The next thing I did was create a Python script to segment the larger audio file into 50 individual files with useful filenames. I adapted a script that uses the Python bindings for FFmpeg, a tool for converting audio. The script takes the following arguments:

  1. Audio file to be segmented
  2. File with timing information
  3. Speaker name
  4. List number

Aside from argument 1, these are unclear. Let’s go into them.

For timing information, I used the CSV file output by Gentle in the previous step. A few lines of that look like this:

which,which,20.8,21.51
doc,doc,21.91,22.46
https,<unk>,22.94,23.98

The first item of each line is the expected word, followed by the found word, then the timestamps for the start and end of the word respectively. As you can see in the sample above, some words weren’t found by Gentle but were given accurate timing info anyway. I can only assume that the “word” “https” was not in the dictionary that Gentle uses in its alignment process. To avoid issues like this, my script looks only at the expected word and timing info.

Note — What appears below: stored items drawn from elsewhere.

(* Let $\beta>0$ and let $N$ be a nonnegative integer random variable with $P(N\ge n)=1-e^{-\beta/n}$ for all integers $n\ge1$. Consider the one-dimensional oriented percolation with random range with $p=1$ (every bond of $G_{\mathbf N}$ is open). Then $\theta(1,0)=P(0\to\infty)=0$ if $\beta<1$, and $\theta(1,0)>0$ if $\beta>1$.
   Context: One-dimensional percolation with random range (equivalently, the APRR model with $q=0$, restricted to the line through the origin in direction $\vec e_1$). Let $\mathbf N=(N_i)_{i\in\mathbb{Z}}$ be i.i.d. with law $N$, and let $G_{\mathbf N}$ be the oriented graph on $\mathbb{Z}$ with bonds $\{(i,i+n): i\in\mathbb{Z},\ 1\le n\le N_i\}$. Given $p\in[0,1]$, each bond of $G_{\mathbf N}$ is open independently with probability $p$. $(0\to\infty)$ is the event that $0$ is connected by oriented open paths to infinitely many vertices, and $\theta(p,0)=P(0\to\infty)$. *)

From HB Require Import structures.
From mathcomp Require Import all_boot all_order all_algebra.
From mathcomp Require Import all_classical all_reals all_analysis.
Set Implicit Arguments. Unset Strict Implicit. Unset Printing Implicit Defensive.
Import Order.TTheory GRing.Theory Num.Theory.
Local Open Scope classical_set_scope.
Local Open Scope ring_scope.

(* One-dimensional oriented percolation with random range at p = 1:
   every bond (i, i+n), 1 <= n <= N_i, of G_N is open. *)

Inductive reach (Nf : int -> nat) (x : int) : int -> Prop :=
| reach_refl : reach Nf x x
| reach_step (y : int) (n : nat) :
    reach Nf x y -> (1 <= n <= Nf y)%N -> reach Nf x (y + n%:Z).

Definition perc_to_infty (Nf : int -> nat) : Prop :=
  infinite_set [set y | reach Nf 0 y].

Definition mutually_independent_nat {d} {T : measurableType d} {R : realType}
  (P : probability T R) (N : int -> T -> nat) : Prop :=
  forall (s : seq int) (A : int -> set nat), uniq s ->
    P (\bigcap_(i in [set` s]) (N i @^-1` A i)) =
    (\prod_(i <- s) P (N i @^-1` A i))%E.

(* The cluster of 0 is infinite iff the walk from 0 never gets stuck at some m, i.e. no bond
   starting in {0, ..., m} reaches beyond m.  By independence, getting stuck at m has probability
   a_m = prod_(j <= m+1) exp(-beta/j), which is of order m^(-beta).  Splitting according to the
   last point below L at which the walk is stuck gives the renewal identity
   1 = g_L + sum_(m < L) a_m g_(L-m-1), where g_L is the probability of not getting stuck below L.
   If beta <= 1 then a_m >= exp(-beta)/(m+1) and g is nonincreasing, so g_L (1 + exp(-beta) H_L) <= 1
   with H_L the harmonic numbers, and g_L -> 0.  If beta > 1 the a_m are summable: once K is large,
   the event that N_0 > K and the walk restarted at 1 is stuck at some K + n has, by a union bound,
   smaller probability than N_0 > K, and outside it 0 percolates. *)

From HB Require Import structures.
From mathcomp Require Import all_boot all_order all_algebra.
From mathcomp Require Import all_classical all_reals all_analysis.
From mathcomp Require Import zify ring lra.
Set Implicit Arguments. Unset Strict Implicit. Unset Printing Implicit Defensive.
Import Order.TTheory GRing.Theory Num.Theory.
Local Open Scope classical_set_scope.
Local Open Scope ring_scope.

Section Reachability.
Variable f : int -> nat.

Definition jumps_past (s : int) (m : nat) :=
  exists2 k : nat, (k <= m)%N & (m < k + f (s + k%:Z))%N.

Definition stuck_at (s : int) (m : nat) :=
  forall k : nat, (k <= m)%N -> (k + f (s + k%:Z) <= m)%N.

Definition jumps_below (s : int) (L : nat) :=
  forall m, (m < L)%N -> jumps_past s m.

Lemma not_jumps_past s m : ~ jumps_past s m <-> stuck_at s m.
Proof.
split => [H k km|H [k km]]; last by have := H k km; rewrite leqNgt => /negP.
by rewrite leqNgt; apply/negP => hk; apply: H; exists k.
Qed.

Lemma reach_ge0 y : reach f 0 y -> 0 <= y.
Proof. by elim=> // y' n _ IH _; lia. Qed.

Lemma reach_stuck_le m y : stuck_at 0 m -> reach f 0 y -> y <= m%:Z.
Proof.
move=> stuck; elim=> [|y' n r IH /andP[_ hn]]; first lia.
have [k yk] : exists k : nat, y' = k%:Z by exists `|y'|%N; have := reach_ge0 r; lia.
subst y'.
have km : (k <= m)%N by lia.
have := stuck k km; rewrite add0r; lia.
Qed.

Lemma reach_all_of_jumps : (forall m, jumps_past 0 m) -> forall k : nat, reach f 0 k%:Z.
Proof.
move=> jumps; elim/ltn_ind => -[_|K IH]; first exact: reach_refl.
have [j jK hj] := jumps K; rewrite add0r in hj.
have -> : K.+1%:Z = j%:Z + (K.+1 - j)%N%:Z by lia.
by apply: reach_step; [apply: IH; lia | lia].
Qed.

Lemma perc_to_inftyE : perc_to_infty f <-> forall m, jumps_past 0 m.
Proof.
rewrite /perc_to_infty; split => [fin_reach m|jumps fin_reach].
- apply: contrapT => /not_jumps_past stuck; apply: fin_reach.
  apply: (sub_finite_set _ (finite_image (fun k : nat => k%:Z) (finite_II m.+1))).
  move=> y /= ry; have := reach_ge0 ry; have := reach_stuck_le stuck ry.
  by move=> ym y0; exists `|y|%N; rewrite /=; lia.
- apply: infinite_nat.
  have <- : (fun k : nat => k%:Z) @^-1` [set y | reach f 0 y] = [set: nat].
    by apply/seteqP; split => // k _; exact: reach_all_of_jumps.
  by apply: (finite_preimage _ fin_reach) => a b _ _ [].
Qed.

Lemma stuck_at_cat s m m' :
  stuck_at s m -> stuck_at (s + m.+1%:Z) m' -> stuck_at s (m + m'.+1).
Proof.
move=> stuck1 stuck2 k km; case: (leqP k m) => hk; first by have := stuck1 k hk; lia.
have := stuck2 (k - m.+1)%N ltac:(lia).
have -> : s + m.+1%:Z + (k - m.+1)%N%:Z = s + k%:Z by lia.
lia.
Qed.

Lemma jumps_below_or_last_stuck s L : jumps_below s L \/
  exists2 m, (m < L)%N & stuck_at s m /\ jumps_below (s + m.+1%:Z) (L - m.+1).
Proof.
case: (pselect (jumps_below s L)) => jumpsL; [by left | right].
pose stuckb m := (m < L)%N && `[< stuck_at s m >].
have some_stuck : exists m, stuckb m.
  apply: contrapT => none; apply: jumpsL => m mL.
  apply: contrapT => /not_jumps_past stuck; apply: none; exists m.
  by rewrite /stuckb mL; apply/asboolP.
have stuckb_le i : stuckb i -> (i <= L)%N by move=> /andP[/ltnW].
have [m /andP[mL /asboolP stuckm] maxm] := ex_maxnP some_stuck stuckb_le.
exists m => //; split => // m' m'L; apply: contrapT => /not_jumps_past stuck'.
have := maxm (m + m'.+1)%N; rewrite /stuckb; have -> : (m + m'.+1 < L)%N by lia.
by move=> /(_ (asboolT (stuck_at_cat stuckm stuck'))); lia.
Qed.

Lemma jumps_below_stuck_lt s L m : jumps_below s L -> stuck_at s m -> (m < L)%N -> False.
Proof. by move=> jumpsL /not_jumps_past + mL; apply; exact: jumpsL. Qed.

Lemma jumps_below_stuck_gt s L m1 m2 : (m1 < m2)%N ->
  jumps_below (s + m1.+1%:Z) (L - m1.+1) -> stuck_at s m2 -> (m2 < L)%N -> False.
Proof.
move=> m12 jumpsL stuck m2L; have [k km hk] := jumpsL (m2 - m1.+1)%N ltac:(lia).
have := stuck (m1.+1 + k)%N ltac:(lia).
have -> : s + (m1.+1 + k)%N%:Z = s + m1.+1%:Z + k%:Z by lia.
lia.
Qed.

Lemma perc_of_far_jump K : (K < f 0)%N -> (forall n, ~ stuck_at 1 (K + n)) ->
  perc_to_infty f.
Proof.
move=> f0K never_stuck; apply/perc_to_inftyE => m; case: (leqP m K) => mK.
  by exists 0%N; rewrite ?add0n ?addr0 //; lia.
have := never_stuck (m - K.+1)%N; rewrite -not_jumps_past => /contrapT[k km hk].
exists k.+1; first lia.
have -> : 0 + k.+1%:Z = 1 + k%:Z by lia.
by rewrite addSn ltnS; apply: leq_trans hk; lia.
Qed.

End Reachability.
Definition depends_on (s : seq int) (Q : (int -> nat) -> Prop) :=
  forall f g : int -> nat, {in s, f =1 g} -> Q f -> Q g.

Definition update (f : int -> nat) (i : int) (v : nat) : int -> nat :=
  fun j => if j == i then v else f j.

Lemma depends_on_update i s Q v :
  depends_on (i :: s) Q -> depends_on s (fun f => Q (update f i v)).
Proof.
move=> dQ f g fg; apply: dQ => j; rewrite in_cons /update => /orP[/eqP->|js].
  by rewrite eqxx.
by case: ifP => // _; exact: fg.
Qed.

Section Cylinders.
Variables (R : realType) (d : measure_display) (T : measurableType d)
  (P : probability T R) (N : int -> T -> nat).
Hypothesis N_measurable : forall i n, measurable (N i @^-1` [set n]).
Hypothesis N_indep : mutually_independent_nat P N.

Definition config (w : T) : int -> nat := fun i => N i w.

Lemma measurable_preimage_N i (A : set nat) : measurable (N i @^-1` A).
Proof.
have -> : N i @^-1` A = \bigcup_(n in A) N i @^-1` [set n].
  by apply/seteqP; split => [w /= Aw|w [n An /= ->//]]; exists (N i w).
by apply: bigcup_measurable => n _; exact: N_measurable.
Qed.

Lemma cylinder_nil Q : depends_on [::] Q ->
  [set w | Q (config w)] = setT \/ [set w | Q (config w)] = set0.
Proof.
move=> dQ; have const f : Q f <-> Q (fun _ => 0%N) by split; apply: dQ.
case: (pselect (Q (fun _ => 0%N))) => Q0; [left | right].
  by apply/seteqP; split => // w _; apply/const.
by apply/seteqP; split => // w /= /const.
Qed.

Lemma cylinder_update i s Q : depends_on (i :: s) Q ->
  [set w | Q (config w)] =
  \bigcup_v (N i @^-1` [set v] `&` [set w | Q (update (config w) i v)]).
Proof.
move=> dQ; apply/seteqP; split => [w /= Qw|w [v _ [/= <-]]].
  exists (N i w) => //; split => //=; apply: dQ Qw => j _.
  by rewrite /update; case: eqP => // ->.
by apply: dQ => j _; rewrite /update; case: eqP => // ->.
Qed.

It tells FFmpeg to create a new audio file beginning at the start time. It then subtracts the start time from the end time and tells it that the file should last for that length of time.

I foresee that, as the body of word files increases in size, there could be repeated words. We may also involve additional speakers, whose lists of words may overlap, and we may want to do multiple takes where words are spoken with different affect. Hence the speaker name and list number. If the speaker name argument is ‘aaron’ or ‘ian’ (my collaborator and myself, so the two most common speakers), it appends a ‘-a’ or ‘-i’ to the filename. For other speakers it simply passes on their name, like ‘-fernanda’. The list number adds a number after another dash. So a typical file from my list might have the name ‘any-i-1.wav’.

Here is what the command line code to run the script might look like:

python3 splitnames.py 1-50.wav 1-50-gentle.csv i 1

After running each set of 50 words, I listened to the files to make sure they were segmented properly and manually re-edited any that didn’t work. For an entire 1000 word list, there were fewer than ten files that didn’t work — saving me a lot of time over manually chopping each word.